いま、グローバルヘルスの課題解決に向けて、非医療領域の企業がそれぞれの叡智を結集させて新たな可能性を導き出そうとしている。そのひとつが、インフラの整っていない新興国で検体や医薬品を運ぶシステムを開発するSORA Technologyだ。同社はドローンを活用し、物流・配送システムの整備されていない場所で、医療へのアクセス向上に貢献している。

同社を率いるのは、ドローンベンチャーや国立研究開発法人に所属していた経歴をもち、長年ドローンや空飛ぶクルマの開発に携わってきた金子洋介だ。彼らが実現しようとしている、ドローンを活用した真のグローバルヘルスへの貢献とはどのようなものなのだろうか。

当連載では、三菱UFJリサーチ&コンサルティング(以下、MURC)が、ヘルスケア業界に変革をもたらすと期待する国内外の企業・団体にスポットを当て、「グローバルヘルス」「プラネタリーヘルス」といった視点からポストコロナ時代のヘルスケアに迫っていく。



宙(そら)を生かし安全で豊かな社会を実現する


SORA Technology創業者兼CEOの金子洋介は、コンサルティングファームの戦略部門マネージャーだったころ、新しいテクノロジーを使った社会改革という課題を抱いてアジア、アフリカを踏破した。そこで実感したのは、ドローンが一部産業を除いて、社会実装されていないという現実だった。

「新興国では『ドローンが人の役に立つのか?』とたくさん聞かれました。ドローンは人の手が及ばない部分での測量や観測といった分野では活躍していたものの、長距離移動や物資配送には課題があり、活躍の場が限られていたのも事実です。技術的には確かな自信がありましたが、ニーズに応えきれていない部分がありました。

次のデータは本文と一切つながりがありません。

Lemma integral_onemX_powR_lty (c : R) : -1 < c -> c <= 0 ->
  (\int[mu]_(x in `[0%R, 1%R[) ((1 - x) `^ c)%:E < +oo)%E.
Proof.
move=> c1 c0.
have mf : measurable_fun setT (EFin \o (fun x : R => (1 - x) `^ c)).
  by apply/measurable_EFinP; exact: measurable_onemX_powR.
rewrite -bigcup_dyadic_block ge0_integral_bigcup//; last 4 first.
- by move=> k; exact: measurable_itv.
- exact: measurable_funTS.
- by move=> x _; rewrite lee_fin powR_ge0.
- exact: trivIset_dyadic_block.
set q := 2^-1 `^ c : R; set rho := q / 2.
have rhoE : rho = 2^-1 `^ (c + 1).
  by rewrite powRD ?invr_eq0 ?pnatr_eq0 ?implybT// powRr1 ?invr_ge0.
have rho01 : 0 <= rho < 1.
  rewrite rhoE powR_ge0 /=.
  suff : 2^-1 `^ (c + 1) < 1 `^ (c + 1) by rewrite powR1.
  by rewrite gt0_ltr_powR ?nnegrE ?invr_ge0 ?invf_lt1 ?ltr1n// -ltrBlDr sub0r.
apply: (le_lt_trans _ (nneseries_geometric_lty _ rho01)).
apply: lee_nneseries => [i _ _|i _].
  by apply: integral_ge0 => x _; rewrite lee_fin powR_ge0.
(* on the [i]-th block, [1 - x] exceeds [2^-(i+1)], and the block has that length *)
apply: (@le_trans _ _ (\int[mu]_(x in dyadic_block i) (q ^+ i.+1)%:E)%E).
  apply: ge0_le_integral => //; first exact: measurable_itv.
  - by move=> x _; rewrite lee_fin powR_ge0.
  - exact: measurable_funTS.
  - move=> x; rewrite /dyadic_block /= in_itv /= => /andP[_ h].
    rewrite lee_fin /q -[in leRHS]powR_mulrn ?powR_ge0// powRAC powR_mulrn ?invr_ge0//.
    by rewrite le0_ger_powR ?exprn_gt0// ltW// ltrBrDl -ltrBrDr.
rewrite integral_cst; last exact: measurable_itv.
rewrite /dyadic_block /= lebesgue_measure_itv /= lte_fin ltrD2l ltrN2.
rewrite ltr_iXn2l ?invf_lt1 ?ltr1n//.
rewrite ltnSn -EFinD -EFinM lee_fin /rho exprMn.
suff -> : 1 - 2^-1 ^+ i.+1 + - (1 - 2^-1 ^+ i) = 2^-1 ^+ i.+1 :> R by [].
by rewrite exprS; lra.
Qed.

End onemX_powR_integral.

Section beta_kernel.
Context {R : realType}.
Local Notation mu := (@lebesgue_measure R).

Definition beta_kernel (a b x : R) : R := x `^ (a - 1) * (1 - x) `^ (b - 1).

Lemma measurable_beta_kernel (a b : R) : measurable_fun setT (beta_kernel a b).
Proof.
apply: measurable_funM; first exact: measurable_powR.
exact: measurable_onemX_powR.
Qed.

Lemma beta_kernel_ge0 (a b x : R) : 0 <= beta_kernel a b x.
Proof. by rewrite mulr_ge0 ?powR_ge0. Qed.

Let measurable_EFin_beta_kernel (a b : R) (D : set R) :
  measurable_fun D (EFin \o beta_kernel a b).
Proof.
by apply/measurable_EFinP; apply: measurable_funTS; exact: measurable_beta_kernel.
Qed.
Definition pdb_ok (Q : pdb R) : bool :=
  [&& psch Q != fset0, pdom Q != fset0,
      all (instance_over (psch Q)) (pdom Q),
      all (fun I => 0 <= pprob Q I) (pdom Q) &
      \sum_(I <- pdom Q) pprob Q I == 1].

Definition prob_all (Q : pdb R) (F : {fset fact}) : R :=
  \sum_(I <- pdom Q | F `<=` I) pprob Q I.

Definition tuple_independent (Q : pdb R) : Prop :=
  forall F : {fset fact},
    prob_all Q F = \prod_(f <- F) prob_all Q [fset f].

Definition TIfin (Q : pdb R) : Prop := pdb_ok Q /\ tuple_independent Q.

Definition image (V : view) (Q : pdb R) : pdb R :=
  PDB (out_schema V) [fset view_app V I | I in pdom Q]
      (fun J => \sum_(I <- pdom Q | view_app V I == J) pprob Q I).

Definition pdb_eq (Q1 Q2 : pdb R) : Prop :=
  [/\ psch Q1 = psch Q2, pdom Q1 = pdom Q2 &
      forall I, I \in pdom Q1 -> pprob Q1 I = pprob Q2 I].

Definition in_L_TIfin (L : lang) (Q : pdb R) : Prop :=
  exists (T : pdb R) (V : view),
    TIfin T /\ view_ok L (psch T) V /\ pdb_eq (image V T) Q.

End PDB.

From Pilot Require Import Defs.
From mathcomp Require Import all_boot all_order all_algebra finmap reals.

Set Implicit Arguments.
Unset Strict Implicit.
Unset Printing Implicit Defensive.

Import GRing.Theory Num.Theory.

(* sjfCQ <= CQ <= UCQ syntactically, so it suffices to present the image V(T)
   of a finite TI-PDB T under a positive existential view V as an sjfCQ image.
   Let f_1, ..., f_k be the facts occurring in T and chi_C in {0,1}^k the
   indicator vector of a world C.  Encode a world X of T as the instance with
   the deterministic facts S_f(0) and M_R(a, chi_C) for every world C and
   every a in V(C), together with S_f(1) for f in X.  Since X |-> encoding
   merely renames facts and adds certain ones, the encoded PDB is again
   tuple-independent.  The self-join-free query
   exists z, M_R(x, z) /\ S_f1(z_1) /\ ... /\ S_fk(z_k)
   holds of a in the encoding of X iff a in V(C) for some world C included
   in X, i.e. (by monotonicity of positive queries) iff a in V(X). *)

Lemma mem_tuples k A t : (t \in tuples k A) = (size t == k) && all (mem A) t.
Proof.
elim: k t => [|k IH] [|a t] //=.
- by apply/allpairsP => -[[x y] /= [_ _]].
- rewrite eqSS; apply/allpairsP/idP => [[[x y] /= [xA yt [-> ->]]]|].
    by move: yt; rewrite IH xA => /andP[-> ->].
  by case/and3P => sz aA tA; exists (a, t); rewrite /= IH sz aA tA.
Qed.

Lemma adomP (I : instance) u :
  reflect (exists2 f, f \in I & u \in f.2) (u \in adom I).
Proof.
apply: (iffP flattenP) => [[s /mapP[f fI ->] uf]|[f fI uf]]; first by exists f.
by exists f.2 => //; apply/mapP; exists f.
Qed.

Lemma sub_eval (I J : instance) (A B : seq univ) nu phi :
  {subset I <= J} -> {subset A <= B} -> eval I A nu phi -> eval J B nu phi.
Proof.
move=> IJ AB; elim: phi nu => [r ts|t1 t2|x p IH|p IHp q IHq|p IHp q IHq] nu //=.
- exact: IJ.
- by case/hasP => a aA h; apply/hasP; exists a; [exact: AB | exact: IH].
- by case/andP => /IHp -> /IHq ->.
- by case/orP => [/IHp ->|/IHq ->]; rewrite ?orbT.
Qed.

Lemma eq_eval (I : instance) A nu1 nu2 phi :
  nu1 =1 nu2 -> eval I A nu1 phi = eval I A nu2 phi.
Proof.
have eq_teval nu nu' : nu =1 nu' -> teval nu =1 teval nu' by move=> e [x|c] /=.
elim: phi nu1 nu2 => [r ts|t1 t2|x p IH|p IHp q IHq|p IHp q IHq] nu1 nu2 e /=.
- by rewrite (eq_map (eq_teval _ _ e)).
- by rewrite !(eq_teval _ _ e).
- by apply: eq_has => a; apply: IH => y; rewrite /upd e.
- by rewrite (IHp _ nu2) // (IHq _ nu2).
- by rewrite (IHp _ nu2) // (IHq _ nu2).
Qed.

Lemma mem_view_app V I g :
  (g \in view_app V I) =
  (g.1 \in out_schema V) &&
  (let: (xs, phi) := vdef V g.1 in
   (g.2 \in tuples (arity g.1) (adom I ++ consts phi)) && sat_def I xs phi g.2).
Proof.
rewrite /view_app seq_fsetE; apply/flattenP/idP.
- case=> s /mapP[R RV ->]; case E: (vdef V R) => [xs phi].
  by case/mapP => a; rewrite mem_filter => /andP[sa ta] ->; rewrite /= RV E ta sa.
- case: g => R a /= /andP[RV]; case E: (vdef V R) => [xs phi] /andP[ta sa].
  eexists; first by apply/mapP; exists R.
  by rewrite E; apply/mapP; exists a; rewrite // mem_filter sa.
Qed.

Lemma size_view_app V I g : g \in view_app V I -> size g.2 = arity g.1.
Proof.
rewrite mem_view_app => /andP[_]; case: (vdef V g.1) => xs phi.
by rewrite mem_tuples => /andP[/andP[/eqP]].
Qed.

Lemma sub_view_app V (C I : instance) :
  {subset C <= I} -> {subset view_app V C <= view_app V I}.
Proof.
move=> CI g; rewrite !mem_view_app => /andP[-> /=]; case: (vdef V g.1) => xs phi.
have sub : {subset adom C ++ consts phi <= adom I ++ consts phi}.
  move=> u; rewrite !mem_cat => /orP[/adomP[f /CI fI uf]|->]; last by rewrite orbT.
  by apply/orP; left; apply/adomP; exists f.
rewrite !mem_tuples => /andP[/andP[-> /allP tA] sa] /=.
by rewrite /sat_def (sub_eval CI sub sa) andbT; apply/allP => u /tA /sub.
Qed.

Fixpoint upds (nu : nat -> univ) (xs : seq nat) (ws : seq univ) : nat -> univ :=
  if (xs, ws) is (x :: xs', w :: ws') then upds (upd nu x w) xs' ws' else nu.

Lemma eval_foldr_Exists I A nu xs p :
  eval I A nu (foldr Exists p xs) <->
  exists ws, [/\ size ws = size xs, all (mem A) ws & eval I A (upds nu xs ws) p].
Proof.
elim: xs nu => [|x xs IH] nu /=.
  by split => [ev|[[|w ws] [] //]]; exists [::].
split=> [/hasP[a aA /IH[ws [sz wsA ev]]]|[[|w ws] [] //= [sz] /andP[wA wsA] ev]].
  by exists (a :: ws); rewrite /= sz aA wsA.
by apply/hasP; exists w => //; apply/IH; exists ws.
Qed.

Lemma upds_val nu xs ws y : uniq xs -> size ws = size xs ->
  upds nu xs ws y = if y \in xs then nth 0 ws (index y xs) else nu y.
Proof.
elim: xs ws nu => [|x xs IH] [|w ws] nu //= /andP[xxs uxs] [sz].
rewrite IH // in_cons /upd; have [->|neq] := eqVneq y x; first by rewrite (negbTE xxs).
by case: ifP.
Qed.

Lemma index_iota_addn n k i : i < k -> index (n + i) (iota n k) = i.
Proof. by move=> ik; rewrite -{1}(nth_iota 0 n ik) index_uniq ?size_iota ?iota_uniq. Qed.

そのもどかしさから、『ドローンを使って社会を豊かにしたい』という思いが強くなったんです」(金子)


グローバルヘルスへの貢献にドローンを活用する、SORA Technology 創業者兼CEOの金子洋介

金子がドローンベンチャーの最高戦略責任者となり、ドローン活用の新たな道筋を思案しているとき、生物学・医学研究で名高いフランスのパスツール研究所から、“天恵”ともいえる1通の電子メールが舞い込む。そこには、アフリカの僻地まで行き、ドローンを活用した産業開発に一緒にチャレンジしてくれる企業を探している旨が書かれていた。

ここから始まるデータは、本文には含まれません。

(* Let $G_{P,\mathcal{K}}$ be the closure under R1–R4 of a pattern $P$ with consistent background knowledge $\mathcal{K}$, and let $x\to y$ in $G_{P,\mathcal{K}}$. Then there exists a consistent DAG extension of $G_{P,\mathcal{K}}$ in which every edge that is undirected in $G_{P,\mathcal{K}}$ and incident to $x$ or $y$ is oriented out of $x$ or out of $y$, respectively.
   Context: A PDAG is a graph with directed and undirected edges and no directed cycle. The pattern of a DAG is the graph with the same skeleton in which an edge is directed iff it belongs to a v-structure (a triple $a\to c\leftarrow b$ with $a,b$ non-adjacent). A consistent DAG extension of a PDAG $G$ is a DAG with the same skeleton, the same orientation of every directed edge of $G$, and no v-structures other than those of $G$. A set $\mathcal{K}$ of orientations of undirected edges of $P$ is consistent background knowledge if some DAG with pattern $P$ contains all of them. $G_{P,\mathcal{K}}$ is obtained from $P$ by orienting the edges in $\mathcal{K}$ and then repeatedly applying until none applies: R1: if $k\to i$, $i - j$, $k,j$ non-adjacent, orient $i\to j$; R2: if $i\to k\to j$ and $i - j$, orient $i\to j$; R3: if $i - k$, $i - l$, $i - j$, $k\to j$, $l\to j$, $k,l$ non-adjacent, orient $i\to j$; R4: if $i - k$, $i - l$, $i - j$, $k\to l\to j$, $k,j$ non-adjacent, orient $i\to j$. *)

(* Graphs on a finite vertex type T, encoded by a mark relation
   g : rel T:  a -> b  iff  g a b && ~~ g b a ;  a - b  iff  g a b && g b a ;
   a, b adjacent iff g a b || g b a. *)
From mathcomp Require Import all_boot.
Set Implicit Arguments. Unset Strict Implicit. Unset Printing Implicit Defensive.

Section Graphs.
Variable T : finType.
Implicit Types (g D P K : rel T).

Definition dir g a b := g a b && ~~ g b a.
Definition und g a b := g a b && g b a.
Definition adj g a b := g a b || g b a.

Definition vstruct g a c b := [&& dir g a c, dir g b c, a != b & ~~ adj g a b].

(* a DAG: a relation of directed edges without directed cycles
   (this also forces irreflexivity and asymmetry) *)
Definition dag D := forall a b, D a b -> ~~ connect D b a.

Definition pdag g := irreflexive g /\ forall a b, dir g a b -> ~~ connect (dir g) b a.

Definition in_vstruct D a c := D a c && [exists b, [&& D b c, b != a & ~~ adj D a b]].

(* the pattern of a DAG D: same skeleton, edge directed iff in a v-structure *)
Definition pattern_of D : rel T := fun a b => adj D a b && ~~ in_vstruct D b a.

Definition is_pattern P := exists D, dag D /\ pattern_of D =2 P.

(* K (a b) means: the orientation a -> b of the undirected edge a - b of P *)
Definition consistent_bk P K :=
  (forall a b, K a b -> und P a b) /\
  exists D, [/\ dag D, pattern_of D =2 P & forall a b, K a b -> D a b].

Definition orientK P K : rel T := fun a b => P a b && ~~ K b a.

Definition orient g i j : rel T := fun a b => g a b && ~~ ((a == j) && (b == i)).

Definition R1 g i j := und g i j /\ exists k, dir g k i /\ ~~ adj g k j.
Definition R2 g i j := und g i j /\ exists k, dir g i k /\ dir g k j.
Definition R3 g i j := und g i j /\ exists k l,
  [/\ und g i k, und g i l, dir g k j, dir g l j & (k != l) && ~~ adj g k l].
Definition R4 g i j := und g i j /\ exists k l,
  [/\ und g i k, und g i l, dir g k l & dir g l j /\ ~~ adj g k j].

Definition applicable g i j := R1 g i j \/ R2 g i j \/ R3 g i j \/ R4 g i j.

Definition meek_step g g' := exists i j, applicable g i j /\ g' =2 orient g i j.

Inductive meek_reach : rel T -> rel T -> Prop :=
| meek_refl g : meek_reach g g
| meek_next g g' g'' : meek_step g g' -> meek_reach g' g'' -> meek_reach g g''.

Definition is_closure P K G :=
  meek_reach (orientK P K) G /\ forall i j, ~ applicable G i j.

Definition consistent_ext G D :=
  [/\ dag D,
      forall a b, adj D a b = adj G a b,
      forall a b, dir G a b -> D a b &
      forall a c b, vstruct D a c b -> vstruct G a c b].

End Graphs.

From mathcomp Require Import all_boot.
Set Implicit Arguments. Unset Strict Implicit. Unset Printing Implicit Defensive.

(* Each Meek rule is sound for any DAG D0 with pattern P containing K, so the
   closure G has the skeleton of D0 and its directed edges are directed as in
   D0.  Hence every nonempty vertex set S has a removable vertex: one with no
   directed edge leaving it inside S and whose undirected neighbours in S are
   pairwise adjacent (a vertex of S with most D0-ancestors).  Ranking a
   removable vertex on top, recursively, yields a rank along which orienting
   every edge upwards is a consistent extension of G.  Closure under R1-R4
   lets the removable vertex avoid any w having an undirected neighbour in S;
   avoiding y while it has one (this also avoids x, as x -> y) and x otherwise
   ranks x and y below all their undirected neighbours.  That choice is proved
   by induction on S through a stronger statement, ranking a suitable clique
   In of undirected neighbours of c below c and the others above c. *)

Lemma setD1_ind (T : finType) (Q : {set T} -> Prop) :
  (forall S : {set T}, (forall x, x \in S -> Q (S :\ x)) -> Q S) -> forall S, Q S.
Proof.
move=> IH S; move: {2}#|S| (leqnn #|S|) => n.
elim: n S => [|n IHn] S HS; apply: IH => x xS; move: HS; rewrite (cardsD1 x S) xS //.
by rewrite add1n ltnS; apply: IHn.
Qed.

Lemma exists_argmax (T : finType) (S : {set T}) (f : T -> nat) z :
  z \in S -> exists2 v, v \in S & {in S, forall u, f u <= f v}.
Proof. by move=> zS; case: (arg_maxnP f zS) => v vS vmax; exists v. Qed.

Lemma dag_of_rank (T : finType) (D : rel T) (r : T -> nat) :
  (forall a b, D a b -> r a < r b) -> dag D.
Proof.
move=> Dr a b ab; apply/negP => /connectP[p pP ap].
have mono u q : path D u q -> r u <= r (last u q).
  elim: q u => //= c q IHq u /andP[uc cq].
  exact: leq_trans (ltnW (Dr _ _ uc)) (IHq _ cq).
by move: (mono _ _ pP); rewrite -ap leqNgt Dr.
Qed.

Section Pdag.
Variables (T : finType) (G : rel T).
Hypothesis G_irr : irreflexive G.
Implicit Types (S : {set T}) (r : T -> nat).

Lemma adjC a b : adj G a b = adj G b a.
Proof. by rewrite /adj orbC. Qed.

Lemma undC a b : und G a b = und G b a.
Proof. by rewrite /und andbC. Qed.

Lemma und_adj a b : und G a b -> adj G a b.
Proof. by rewrite /und /adj => /andP[->]. Qed.

Lemma dir_adj a b : dir G a b -> adj G a b.
Proof. by rewrite /dir /adj => /andP[->]. Qed.

Lemma dir_asym a b : dir G a b -> dir G b a = false.
Proof. by rewrite /dir => /andP[-> _]; rewrite andbF. Qed.

Lemma und_dirF a b : und G a b -> dir G a b = false.
Proof. by rewrite /und /dir => /andP[_ ->]; rewrite andbF. Qed.

Lemma und_neq a b : und G a b -> a != b.
Proof. by rewrite /und; case: eqP => // ->; rewrite G_irr. Qed.

Lemma dir_neq a b : dir G a b -> a != b.
Proof. by rewrite /dir; case: eqP => // ->; rewrite G_irr. Qed.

「『これはやるしかない』という直感を信じて、2018年にパスツール研究所の協力のもとアフリカを訪問しました。そこで政府関係者や医療関係者らにヒアリングを行ったところ、医療現場でのドローン活用を強く願っていることを知ったんです。道路事情が悪く、空からでないと運べないという環境と具体的な現地のニーズを目の当たりにしました。

実はGDPが先進国の10分の1程度と、圧倒的に経済規模の小さい途上国でも、物流にかかる輸送費は先進国と大差がありません。物流網が未整備のため、コストが上がってしまうのです。検体や医薬品などの輸送であれば、重量的にもドローンで十分対応できます。大きなマーケットとチャレンジする価値、そして社会的ニーズが揃ったアフリカでの事業なら、ドローンがグローバルヘルスの領域に貢献できる証明になるだろうと、腹が決まりました」(同)

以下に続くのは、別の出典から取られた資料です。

(* Let $X$ be sufficiently large. Suppose that $\delta \ge X^{-1/10}$ and $\theta\in\mathbb{R}$ satisfy $|\widehat{g_{X,\Box}}(\theta)| \ge \delta X$. Then there exists a natural number $q\ll (\log X)^2 \delta^{-4}$ such that \[\|q\theta\|_{\mathbb{R}/\mathbb{Z}}\ll (\log X)^2 \delta^{-4} X^{-1}.\] (Implied constants may depend on the fixed function $w$.)
   Context: Fix a smooth function $w:\mathbb{R}\to[0,1]$ supported on $[-1,1]$ with $w(x)\ge 1/2$ for $x\in[-1/2,1/2]$ and $|\widehat w(t)|\ll e^{-\sqrt{|t|}}$ for all $t\in\mathbb{R}$, where $\widehat w(t)=\int_{\mathbb R}w(x)e(-tx)\,dx$ and $e(s)=e^{2\pi i s}$. Define $g_{X,\Box}:\mathbb{Z}\to\mathbb{R}$ by $g_{X,\Box}(x)=t\,w(t^2/X)$ if $|x|=t^2$ with $t\in\mathbb{N}$, and $g_{X,\Box}(x)=0$ if $|x|$ is not a square. Let $\widehat{g_{X,\Box}}(\theta)=\sum_x g_{X,\Box}(x)e(-\theta x)$. $\|\cdot\|_{\mathbb R/\mathbb Z}$ is distance to the nearest integer. *)

From Stdlib Require Import Reals ZArith Arith.
From Coquelicot Require Import Coquelicot.
Open Scope R_scope.

(* e(s) = exp(2 pi i s); all complex quantities are written through their
   real and imaginary parts. *)

(* Fourier transform of w (supported on [-1,1], so the integral over R is
   the integral over [-1,1]):  hat w(t) = int w(x) e(-tx) dx. *)
Definition what_re (w : R -> R) (t : R) : R :=
  RInt (fun x => w x * cos (2 * PI * t * x)) (-1) 1.
Definition what_im (w : R -> R) (t : R) : R :=
  - RInt (fun x => w x * sin (2 * PI * t * x)) (-1) 1.
Definition what_abs (w : R -> R) (t : R) : R :=
  sqrt (what_re w t ^ 2 + what_im w t ^ 2).
Lemma coef_copS s pq : coef (copS d s) pq = wsum (valid d) s (fun x => coef (cop K d x) pq).
Proof. exact: coef_bind. Qed.

Lemma coef_ladd n2 (f g : lmap K n n2) x y : coef (ladd f g x) y = coef (f x) y + coef (g x) y.
Proof. exact: coef_cat. Qed.

Lemma coef_lscale n2 c (f : lmap K n n2) x y : coef (lscale c f x) y = c * coef (f x) y.
Proof. exact: coef_fscale. Qed.

Lemma coef_lcomp n2 n3 (d2 : 'I_n2 -> int) (g : lmap K n2 n3) (f : lmap K n n2) x y :
  coef (lcomp d2 g f x) y = wsum (valid d2) (f x) (fun z => coef (g z) y).
Proof. exact: coef_bind. Qed.

End LinearMaps.

Section OOperator.
Variables (K : numFieldType) (nE nV : nat) (dE : 'I_nE -> int) (dV : 'I_nV -> int)
  (ME : lmap K nE nE) (MV : lmap K nV nV) (Phi : seq 'I_nE -> lmap K nV nV)
  (T : lmap K nV nE).
Hypotheses (hMV : lie_inf dV MV) (hact : is_action dE dV ME MV Phi)
  (hO : O_operator dE dV ME MV Phi T).

Local Notation vV := (valid dV).
Local Notation vE := (valid dE).
Local Notation SV := (seq 'I_nV).
Local Notation SE := (seq 'I_nE).
Local Notation CS := (cop_sum dV).
Local Notation LID := (@lid K nV).
Local Notation PT := (PhiT dE dV Phi T).
Local Notation MVT := (ladd PT MV).
Local Notation PhiTu u z := (Phis dE Phi (T u) z).

Lemma wsum_Phis Q s z g : wsum Q (Phis dE Phi s z) g = wsum vE s (fun x => wsum Q (Phi x z) g).
Proof. exact: wsum_bind. Qed.

Lemma coef_Phis s z y : coef (Phis dE Phi s z) y = wsum vE s (fun x => coef (Phi x z) y).
Proof. exact: coef_bind. Qed.

Lemma wsum_PT Q v g : wsum Q (PT v) g = CS v (fun u z => wsum Q (PhiTu u z) g).
Proof.
rewrite /PhiT /cop_sum; case: ifP => [/(cop_small K dV) -> | _]; first by rewrite /wsum !big_nil.
rewrite /wsum big_flatten /= big_map; apply: eq_bigr => a _.
by rewrite -/(wsum Q _ g) wsum_fscale.
Qed.

Lemma coef_PT v y : coef (PT v) y = CS v (fun u z => coef (PhiTu u z) y).
Proof. by rewrite coefE wsum_PT; apply: cop_sum_ext => u z; rewrite -coefE. Qed.

Lemma hdegT : hdeg dV dE T 0. Proof. by case: hO => -[]. Qed.
Lemma hdegMV : hdeg dV dV MV 1. Proof. by case: hMV => -[]. Qed.
Lemma coderPhi x : vE x -> is_coder dV (Phi x) (mdeg dE x + 1).
Proof. by case: hact => h _ /h. Qed.

(* T has degree 0: pairing with T u only sees monomials of degree |u|. *)
Lemma wsum_Tdeg u (g g' : SE -> K) : vV u ->
  (forall x, vE x -> mdeg dE x = mdeg dV u -> g x = g' x) ->
  wsum vE (T u) g = wsum vE (T u) g'.
Proof.
move=> vu h; apply: wsum_supp => x vx cx; apply: h => //.
by rewrite (hdegT vu vx cx) addr0.
Qed.

(* M_{V^T} has degree 1: so do M_V and each term Phi_{T(v1)} v2. *)
Lemma MVT_hdeg : hdeg dV dV MVT 1.
Proof.
move=> m p vm vp; rewrite coef_ladd.
have [h0|hnz] := eqVneq (coef (MV m) p) 0; last by move=> _; exact: hdegMV.
rewrite h0 addr0 coef_PT /cop_sum => /sum_neq0_witness [a am].
rewrite mulf_eq0 negb_or => /andP[_].
rewrite coef_Phis => /wsum_neq0_witness [x [vx cx cp]].
case/andP: (cop_valid vm am) => v1 v2.
have e1 := hdegT v1 vx cx; have e2 := (coderPhi vx).1 _ _ v2 vp cp.
by rewrite e2 e1 -(cop_mdeg am); lia.
Qed.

金子は2020年にSORA Technology株式会社を設立し、パスツール研究所やフランスの大手電気通信事業者オレンジ社とともに、フランスとの関係が深い西アフリカからドローンを使ったヘルステック事業の展開に乗り出した。



先進国でのモデル構築を途上国でのサービス事業に還元


SORA Technologyのドローンによる配送事業は2021年、西アフリカのセネガルとシエラレオネで最初の一歩を踏み出した。使われるドローンは一般にイメージされる回転翼機(マルチコプター)ではなく、ラジコン飛行機のような固定翼機。ペイロード(運搬能力)は3〜5kg、航続距離160~200kmに及び、運用や整備の利便性からバッテリーで駆動する。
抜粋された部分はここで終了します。